Lemma coef_wembed P d m : ((wembed P)`_d)@_m = (mwdeg p q m == d)%:R * r P@_m.
Proof.
rewrite /wembed /mmap coef_sum.
under eq_bigr => m' _ do rewrite /wembedC /= mmap1_wembedX mulrA -polyCM mul_mpolyC
  mul_polyC coefZ coefXn mulr_natr scalerMnl -mulr_natl eq_sym.
rewrite mcoeff_sum_uniq ?msupp_uniq //.
by case: ifPn => // /memN_msupp_eq0 ->; rewrite rmorph0 mulr0.
Qed.

Lemma size_wembed P : (size (wembed P) <= (wdeg p q P).+1)%N.
Proof.
apply/leq_sizeP => d lt_d; apply/mpolyP => m; rewrite coef_wembed mcoeff0.
have [/(mwdeg_le_wdeg p q) le_m|/memN_msupp_eq0 ->] := boolP (m \in msupp P).
  by rewrite ltn_eqF ?mul0r // (leq_ltn_trans le_m).
by rewrite rmorph0 mulr0.
Qed.

Lemma size_wembed_gt P m : r P@_m != 0 -> (mwdeg p q m < size (wembed P))%N.
Proof.
move=> Pm; rewrite ltnNge; apply: contra Pm => /(nth_default 0)/(congr1 (mcoeff m)).
by rewrite coef_wembed eqxx mul1r mcoeff0 => ->.
Qed.

End WeightedEmbedding.

Section WeightedRelation.
Variables (k : fieldType) (K : idomainType) (r : {rmorphism {poly k} -> K}) (p q : nat).
Variables f g : {mpoly {poly k}[2]}.
Hypothesis f_top : exists m, mwdeg p q m = wdeg p q f /\ r f@_m != 0.
Hypothesis g_below : (wdeg p q g < wdeg p q f)%N.
Hypothesis g_nz : exists m, r g@_m != 0.
Hypothesis g0 : g@_0 = 0.

Lemma relation_coefs_in_kernel h D al (be : nat -> {poly k}) N :
  r D = 0 -> D *: h = al *: g + \sum_(i < N) be i *: f ^+ i ->
  r al = 0 /\ forall i, (i < N)%N -> r (be i) = 0.
Proof.
move=> rD hE.
set F := wembed r p q f; set G := wembed r p q g.
pose pol := \poly_(i < N) (r (be i))%:MP_[2].
have relE : wembedC r al * G + (pol \Po F) = 0.
  by rewrite -(wembed_relation _ _ _ hE) /wembedC rD mpolyC0 polyC0 mul0r.
have sizeF : size F = (wdeg p q f).+1.
  have [m [mW fm]] := f_top.
  by apply/eqP; rewrite eqn_leq size_wembed -mW size_wembed_gt.
have size_pol : (size pol <= 1)%N.
  apply: (size_le1_comp_poly (F := F)); first by rewrite sizeF ltnS (leq_ltn_trans _ g_below).
  rewrite (_ : pol \Po F = - (wembedC r al * G)) ?size_polyN; last first.
    by apply/eqP; rewrite -addr_eq0 addrC relE.
  rewrite /wembedC mul_polyC sizeF ltnS (leq_trans (size_scale_leq _ _)) //.
  exact: leq_trans (size_wembed _ _ _ g) g_below.
have be_pos i : (0 < i < N)%N -> r (be i) = 0.
  case/andP=> i_gt0 iN; have := nth_default 0 (leq_trans size_pol i_gt0).
  by rewrite coef_poly iN => /(congr1 (mcoeff 0)); rewrite mpolyCK mcoeff0.
move: relE; rewrite (size1_polyC size_pol) comp_polyC => relE.
have be0 : (0 < N)%N -> r (be 0) = 0.
  move=> N_gt0; have := congr1 (fun P : {poly {mpoly K[2]}} => P`_0@_0) relE.
  rewrite coef0 mcoeff0 coefD coefC mcoeffD.
  rewrite coefCM mcoeffCM coef_wembed g0 rmorph0.
  by rewrite !mulr0 add0r coef_poly N_gt0 mpolyCK.
have pol0 : pol`_0 = 0.
  by rewrite coef_poly; case: ifP => // /be0 ->; rewrite mpolyC0.
have G_neq0 : G != 0.
  by have [m gm] := g_nz; rewrite -size_poly_gt0 (leq_ltn_trans _ (size_wembed_gt _ _ gm)).
move/eqP: relE; rewrite pol0 polyC0 addr0 mulf_eq0 (negPf G_neq0) orbF.
rewrite polyC_eq0 mpolyC_eq0 => /eqP ral; split=> // -[|i] iN; first exact: be0.
exact: be_pos.
Qed.

End WeightedRelation.

Section Descent.
Variables (k : fieldType) (pi : {poly k}) (pi_mi : monic_irreducible_poly pi) (p q : nat).
Variables f g : {mpoly {poly k}[2]}.
Hypothesis f_top : exists m, mwdeg p q m = wdeg p q f /\ ~~ (pi %| f@_m).
Hypothesis g_below : (wdeg p q g < wdeg p q f)%N.
Hypothesis g_ndvdp : exists m, ~~ (pi %| g@_m).
Hypothesis g0 : g@_0 = 0.

Definition residue (a : {poly k}) : {poly %/ pi with pi_mi} := in_qpoly pi a.
HB.instance Definition _ := GRing.RMorphism.copy residue (in_qpoly pi).

Lemma residue_eq0 a : (residue a == 0) = (pi %| a).
Proof. by rewrite dvdpE /Pdiv.Ring.rdvdp -val_eqE /= (mk_monicE pi_mi). Qed.

Lemma relation_dvdp h D al (be : nat -> {poly k}) N :
  pi %| D -> D *: h = al *: g + \sum_(i < N) be i *: f ^+ i ->
  pi %| al /\ forall i, (i < N)%N -> pi %| be i.
Proof.
move=> piD hE.
have rdvdp a : residue a = 0 <-> pi %| a by rewrite -residue_eq0; split=> /eqP.
have f_top' : exists m, mwdeg p q m = wdeg p q f /\ residue f@_m != 0.
  by have [m [mW fm]] := f_top; exists m; rewrite residue_eq0.
have g_nz : exists m, residue g@_m != 0.
  by have [m gm] := g_ndvdp; exists m; rewrite residue_eq0.
have [/rdvdp al_dvd be_dvd] :=
  relation_coefs_in_kernel f_top' g_below g_nz g0 (proj2 (rdvdp D) piD) hE.
by split=> // i /be_dvd /rdvdp.
Qed.

Lemma relation_coprime h D al (be : nat -> {poly k}) N :
  D != 0 -> D *: h = al *: g + \sum_(i < N) be i *: f ^+ i ->
  exists D' al' (be' : nat -> {poly k}),
    coprimep pi D' /\ D' *: h = al' *: g + \sum_(i < N) be' i *: f ^+ i.
Proof.
have [n] := ubnP (size D); elim: n D al be => // n IH D al be sizeD D_neq0 hE.
have [cop|] := boolP (coprimep pi D); first by exists D, al, be.
rewrite (irreducible_poly_coprime _ pi_mi.1) negbK => piD.
have [pi_al pi_be] := relation_dvdp piD hE.
have pi_neq0 : pi != 0 := irredp_neq0 pi_mi.1.
apply: (IH (D %/ pi) (al %/ pi) (fun i => be i %/ pi)).
- rewrite size_divp //; apply: leq_trans (ltnSE sizeD).
  by rewrite ltn_subrL -subn1 subn_gt0 pi_mi.1.1 size_poly_gt0.
- by apply: contra_neq D_neq0 => D0; rewrite -(divpK piD) D0 mul0r.
apply: (@mulfI _ pi%:MP); first by rewrite mpolyC_eq0.
rewrite !mul_mpolyC scalerDr scaler_sumr !scalerA !(mulrC pi) !divpK // hE.
by congr (_ + _); apply: eq_bigr => i _; rewrite scalerA mulrC divpK ?pi_be.
Qed.
End Descent.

#### [EXERCISE OBJECTIVE]
Only one stretch of the entries above is wanted: the lines from the one containing "End WeightedRelation." through the one containing "Lemma residue_eq0 a". Please reproduce it exactly.

#### [FINISHED TASK]
End WeightedRelation.

Section Descent.
Variables (k : fieldType) (pi : {poly k}) (pi_mi : monic_irreducible_poly pi) (p q : nat).
Variables f g : {mpoly {poly k}[2]}.
Hypothesis f_top : exists m, mwdeg p q m = wdeg p q f /\ ~~ (pi %| f@_m).
Hypothesis g_below : (wdeg p q g < wdeg p q f)%N.
Hypothesis g_ndvdp : exists m, ~~ (pi %| g@_m).
Hypothesis g0 : g@_0 = 0.

Definition residue (a : {poly k}) : {poly %/ pi with pi_mi} := in_qpoly pi a.
HB.instance Definition _ := GRing.RMorphism.copy residue (in_qpoly pi).

Lemma residue_eq0 a : (residue a == 0) = (pi %| a).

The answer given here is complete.